**What is needed**
Pull every line containing "allP" from the data.
↓↓↓
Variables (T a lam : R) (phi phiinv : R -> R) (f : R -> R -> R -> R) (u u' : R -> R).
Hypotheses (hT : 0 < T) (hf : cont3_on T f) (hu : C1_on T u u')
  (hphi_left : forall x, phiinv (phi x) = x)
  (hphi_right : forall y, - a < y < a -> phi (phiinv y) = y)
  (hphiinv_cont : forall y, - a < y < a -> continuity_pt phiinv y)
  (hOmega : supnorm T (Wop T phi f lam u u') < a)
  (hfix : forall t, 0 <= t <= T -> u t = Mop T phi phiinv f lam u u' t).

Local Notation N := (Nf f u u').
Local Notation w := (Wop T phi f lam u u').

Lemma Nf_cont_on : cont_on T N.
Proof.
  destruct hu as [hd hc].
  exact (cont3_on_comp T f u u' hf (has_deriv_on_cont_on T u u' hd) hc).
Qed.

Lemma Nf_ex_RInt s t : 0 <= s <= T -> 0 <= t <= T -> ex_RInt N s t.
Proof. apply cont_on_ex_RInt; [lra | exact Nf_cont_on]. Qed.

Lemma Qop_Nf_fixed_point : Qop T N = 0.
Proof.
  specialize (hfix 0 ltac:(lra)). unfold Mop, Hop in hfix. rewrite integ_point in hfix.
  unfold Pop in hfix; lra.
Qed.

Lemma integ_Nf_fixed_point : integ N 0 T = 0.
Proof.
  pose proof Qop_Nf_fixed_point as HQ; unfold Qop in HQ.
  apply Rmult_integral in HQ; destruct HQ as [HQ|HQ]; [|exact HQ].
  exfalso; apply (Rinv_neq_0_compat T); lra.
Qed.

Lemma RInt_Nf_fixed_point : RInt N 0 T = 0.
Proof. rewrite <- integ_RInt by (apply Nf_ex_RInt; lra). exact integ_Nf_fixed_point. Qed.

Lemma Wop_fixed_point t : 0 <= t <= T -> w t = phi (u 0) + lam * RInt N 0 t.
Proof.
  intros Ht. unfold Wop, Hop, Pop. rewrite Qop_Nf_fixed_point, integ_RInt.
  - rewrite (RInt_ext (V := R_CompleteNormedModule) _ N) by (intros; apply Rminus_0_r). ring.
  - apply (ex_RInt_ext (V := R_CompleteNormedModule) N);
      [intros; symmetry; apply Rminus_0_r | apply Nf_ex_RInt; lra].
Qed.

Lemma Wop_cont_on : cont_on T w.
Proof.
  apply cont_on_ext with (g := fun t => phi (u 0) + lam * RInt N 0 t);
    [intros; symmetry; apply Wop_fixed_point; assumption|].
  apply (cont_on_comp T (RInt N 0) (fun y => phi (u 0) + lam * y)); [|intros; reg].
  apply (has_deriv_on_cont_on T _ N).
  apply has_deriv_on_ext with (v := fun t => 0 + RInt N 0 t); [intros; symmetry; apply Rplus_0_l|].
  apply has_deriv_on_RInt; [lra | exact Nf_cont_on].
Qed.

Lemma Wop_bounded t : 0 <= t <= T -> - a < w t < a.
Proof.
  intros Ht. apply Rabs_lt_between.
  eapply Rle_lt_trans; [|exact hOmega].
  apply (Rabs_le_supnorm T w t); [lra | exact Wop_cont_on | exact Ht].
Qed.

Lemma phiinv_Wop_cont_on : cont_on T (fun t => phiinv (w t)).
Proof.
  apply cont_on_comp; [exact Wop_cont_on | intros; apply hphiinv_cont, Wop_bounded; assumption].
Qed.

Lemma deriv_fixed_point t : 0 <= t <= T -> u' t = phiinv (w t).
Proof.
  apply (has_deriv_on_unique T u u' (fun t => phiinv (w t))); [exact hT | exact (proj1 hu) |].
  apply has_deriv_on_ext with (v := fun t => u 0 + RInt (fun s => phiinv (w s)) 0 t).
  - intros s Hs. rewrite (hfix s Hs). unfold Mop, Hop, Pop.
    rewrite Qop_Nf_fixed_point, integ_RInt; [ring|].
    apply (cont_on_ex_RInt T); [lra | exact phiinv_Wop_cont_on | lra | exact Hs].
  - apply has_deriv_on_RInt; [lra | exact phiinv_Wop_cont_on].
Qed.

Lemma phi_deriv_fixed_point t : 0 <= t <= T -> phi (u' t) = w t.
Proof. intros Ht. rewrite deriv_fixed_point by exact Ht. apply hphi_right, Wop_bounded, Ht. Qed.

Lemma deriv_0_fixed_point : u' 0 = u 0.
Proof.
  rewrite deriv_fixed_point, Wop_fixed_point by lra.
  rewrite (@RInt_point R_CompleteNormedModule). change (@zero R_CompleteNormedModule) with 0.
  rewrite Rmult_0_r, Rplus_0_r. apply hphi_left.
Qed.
↑↑↑
↓↓↓
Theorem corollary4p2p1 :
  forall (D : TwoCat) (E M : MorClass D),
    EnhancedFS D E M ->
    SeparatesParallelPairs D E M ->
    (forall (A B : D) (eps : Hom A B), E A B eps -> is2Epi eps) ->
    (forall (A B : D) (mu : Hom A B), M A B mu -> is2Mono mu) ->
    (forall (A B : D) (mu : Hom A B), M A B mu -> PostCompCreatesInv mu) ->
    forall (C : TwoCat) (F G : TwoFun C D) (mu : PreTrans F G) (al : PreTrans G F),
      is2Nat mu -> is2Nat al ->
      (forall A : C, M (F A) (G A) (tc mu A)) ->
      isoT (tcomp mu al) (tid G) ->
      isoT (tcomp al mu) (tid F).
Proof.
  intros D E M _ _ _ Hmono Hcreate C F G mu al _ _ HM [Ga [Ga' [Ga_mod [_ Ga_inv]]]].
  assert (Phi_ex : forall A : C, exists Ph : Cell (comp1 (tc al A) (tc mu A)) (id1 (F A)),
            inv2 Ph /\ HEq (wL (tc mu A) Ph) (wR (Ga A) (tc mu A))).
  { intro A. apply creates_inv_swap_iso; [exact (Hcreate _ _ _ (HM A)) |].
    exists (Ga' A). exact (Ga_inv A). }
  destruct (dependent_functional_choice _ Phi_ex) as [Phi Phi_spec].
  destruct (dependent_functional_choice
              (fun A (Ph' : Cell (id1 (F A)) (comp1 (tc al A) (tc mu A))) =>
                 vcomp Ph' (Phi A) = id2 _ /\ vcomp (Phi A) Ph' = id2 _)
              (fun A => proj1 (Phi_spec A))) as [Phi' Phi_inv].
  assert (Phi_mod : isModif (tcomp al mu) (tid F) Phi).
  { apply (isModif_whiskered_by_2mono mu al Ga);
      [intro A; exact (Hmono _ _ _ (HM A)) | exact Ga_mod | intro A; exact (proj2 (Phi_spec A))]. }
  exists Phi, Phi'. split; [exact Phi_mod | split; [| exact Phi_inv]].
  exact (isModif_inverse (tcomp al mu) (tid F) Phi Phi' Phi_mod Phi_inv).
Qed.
↑↑↑
↓↓↓
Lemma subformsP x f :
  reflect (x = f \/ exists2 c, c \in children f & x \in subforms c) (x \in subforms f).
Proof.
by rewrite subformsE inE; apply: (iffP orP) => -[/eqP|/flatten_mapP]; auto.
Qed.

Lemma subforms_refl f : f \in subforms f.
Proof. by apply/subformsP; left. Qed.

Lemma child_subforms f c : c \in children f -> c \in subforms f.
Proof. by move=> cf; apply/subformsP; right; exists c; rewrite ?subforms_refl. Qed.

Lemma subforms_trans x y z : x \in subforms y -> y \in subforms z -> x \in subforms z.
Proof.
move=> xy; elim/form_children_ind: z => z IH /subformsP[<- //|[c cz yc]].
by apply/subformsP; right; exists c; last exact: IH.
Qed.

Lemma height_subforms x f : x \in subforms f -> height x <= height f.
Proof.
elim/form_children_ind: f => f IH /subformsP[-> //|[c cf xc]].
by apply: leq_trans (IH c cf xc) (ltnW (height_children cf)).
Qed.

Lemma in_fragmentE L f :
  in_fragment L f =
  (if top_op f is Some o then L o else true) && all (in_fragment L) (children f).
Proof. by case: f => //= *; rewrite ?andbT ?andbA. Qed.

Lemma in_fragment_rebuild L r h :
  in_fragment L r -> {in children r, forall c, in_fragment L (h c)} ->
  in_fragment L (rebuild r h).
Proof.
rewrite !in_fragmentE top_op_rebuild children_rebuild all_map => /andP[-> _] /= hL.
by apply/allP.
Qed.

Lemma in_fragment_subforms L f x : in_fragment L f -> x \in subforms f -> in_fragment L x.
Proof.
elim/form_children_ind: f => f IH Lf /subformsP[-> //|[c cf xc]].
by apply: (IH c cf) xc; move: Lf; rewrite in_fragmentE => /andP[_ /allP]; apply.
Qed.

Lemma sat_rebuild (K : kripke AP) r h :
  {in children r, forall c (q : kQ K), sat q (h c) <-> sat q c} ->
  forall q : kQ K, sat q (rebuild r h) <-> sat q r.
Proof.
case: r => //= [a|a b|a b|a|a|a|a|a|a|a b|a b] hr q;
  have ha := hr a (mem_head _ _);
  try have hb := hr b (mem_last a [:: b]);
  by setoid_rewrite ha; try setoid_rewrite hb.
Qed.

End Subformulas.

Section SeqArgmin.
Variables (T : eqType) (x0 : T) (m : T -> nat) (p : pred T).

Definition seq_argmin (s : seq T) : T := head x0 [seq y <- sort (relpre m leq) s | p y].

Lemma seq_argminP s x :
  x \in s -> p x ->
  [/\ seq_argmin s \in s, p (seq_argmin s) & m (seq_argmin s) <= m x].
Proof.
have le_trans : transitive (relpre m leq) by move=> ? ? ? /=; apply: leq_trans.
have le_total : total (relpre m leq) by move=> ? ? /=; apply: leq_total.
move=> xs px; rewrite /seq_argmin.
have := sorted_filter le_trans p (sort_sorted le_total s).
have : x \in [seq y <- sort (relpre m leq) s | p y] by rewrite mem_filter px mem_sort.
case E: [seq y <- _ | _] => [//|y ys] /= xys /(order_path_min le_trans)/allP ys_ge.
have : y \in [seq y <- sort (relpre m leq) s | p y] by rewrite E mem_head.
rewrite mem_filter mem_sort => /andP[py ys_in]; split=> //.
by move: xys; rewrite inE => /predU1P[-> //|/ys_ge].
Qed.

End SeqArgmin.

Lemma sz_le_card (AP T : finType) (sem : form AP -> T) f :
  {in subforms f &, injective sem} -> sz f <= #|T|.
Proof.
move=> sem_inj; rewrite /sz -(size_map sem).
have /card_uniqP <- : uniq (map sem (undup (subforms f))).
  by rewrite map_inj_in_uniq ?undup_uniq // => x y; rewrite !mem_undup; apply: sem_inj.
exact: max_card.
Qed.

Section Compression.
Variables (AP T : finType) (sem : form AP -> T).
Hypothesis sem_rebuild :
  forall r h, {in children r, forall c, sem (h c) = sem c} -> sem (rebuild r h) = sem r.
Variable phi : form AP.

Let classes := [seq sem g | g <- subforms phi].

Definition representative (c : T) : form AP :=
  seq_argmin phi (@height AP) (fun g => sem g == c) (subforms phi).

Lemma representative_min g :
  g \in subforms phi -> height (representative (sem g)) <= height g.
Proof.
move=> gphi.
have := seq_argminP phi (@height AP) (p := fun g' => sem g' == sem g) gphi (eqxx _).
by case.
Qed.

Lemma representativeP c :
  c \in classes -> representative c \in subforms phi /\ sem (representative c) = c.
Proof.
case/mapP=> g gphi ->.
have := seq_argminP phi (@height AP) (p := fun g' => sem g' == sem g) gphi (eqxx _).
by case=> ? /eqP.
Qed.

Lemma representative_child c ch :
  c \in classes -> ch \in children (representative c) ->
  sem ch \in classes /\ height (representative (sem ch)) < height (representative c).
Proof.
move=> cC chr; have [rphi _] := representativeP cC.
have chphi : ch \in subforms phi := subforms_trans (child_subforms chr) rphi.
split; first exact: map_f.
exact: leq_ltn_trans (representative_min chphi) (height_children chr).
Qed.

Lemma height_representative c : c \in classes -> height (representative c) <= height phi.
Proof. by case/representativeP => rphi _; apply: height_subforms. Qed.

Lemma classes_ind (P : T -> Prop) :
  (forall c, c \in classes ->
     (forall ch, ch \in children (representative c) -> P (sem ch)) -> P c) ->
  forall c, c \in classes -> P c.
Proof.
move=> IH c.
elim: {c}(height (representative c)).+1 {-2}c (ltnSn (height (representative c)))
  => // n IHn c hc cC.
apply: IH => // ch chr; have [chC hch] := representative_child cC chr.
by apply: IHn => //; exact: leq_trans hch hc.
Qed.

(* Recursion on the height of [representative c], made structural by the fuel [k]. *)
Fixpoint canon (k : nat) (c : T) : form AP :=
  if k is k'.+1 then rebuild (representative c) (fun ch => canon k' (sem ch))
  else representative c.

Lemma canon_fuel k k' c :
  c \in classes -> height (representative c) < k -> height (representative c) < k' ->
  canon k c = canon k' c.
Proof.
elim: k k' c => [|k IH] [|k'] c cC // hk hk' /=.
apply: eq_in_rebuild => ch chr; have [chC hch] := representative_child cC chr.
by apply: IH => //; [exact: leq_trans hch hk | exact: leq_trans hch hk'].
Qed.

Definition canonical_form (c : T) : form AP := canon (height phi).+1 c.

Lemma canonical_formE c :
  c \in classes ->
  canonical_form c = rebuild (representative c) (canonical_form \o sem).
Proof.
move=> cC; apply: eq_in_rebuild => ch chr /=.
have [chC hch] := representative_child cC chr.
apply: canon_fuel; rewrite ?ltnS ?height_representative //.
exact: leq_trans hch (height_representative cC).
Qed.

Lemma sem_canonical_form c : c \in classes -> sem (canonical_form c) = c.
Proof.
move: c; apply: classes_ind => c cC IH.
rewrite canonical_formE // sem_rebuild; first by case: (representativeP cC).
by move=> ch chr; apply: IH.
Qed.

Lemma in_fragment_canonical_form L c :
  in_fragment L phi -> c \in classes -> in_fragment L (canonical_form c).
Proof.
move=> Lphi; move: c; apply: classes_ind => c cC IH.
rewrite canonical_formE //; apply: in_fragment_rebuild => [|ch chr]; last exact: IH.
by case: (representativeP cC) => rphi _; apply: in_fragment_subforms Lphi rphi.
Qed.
↑↑↑
**Your response**
by apply/allP.
by apply: (IH c cf) xc; move: Lf; rewrite in_fragmentE => /andP[_ /allP]; apply.
case E: [seq y <- _ | _] => [//|y ys] /= xys /(order_path_min le_trans)/allP ys_ge.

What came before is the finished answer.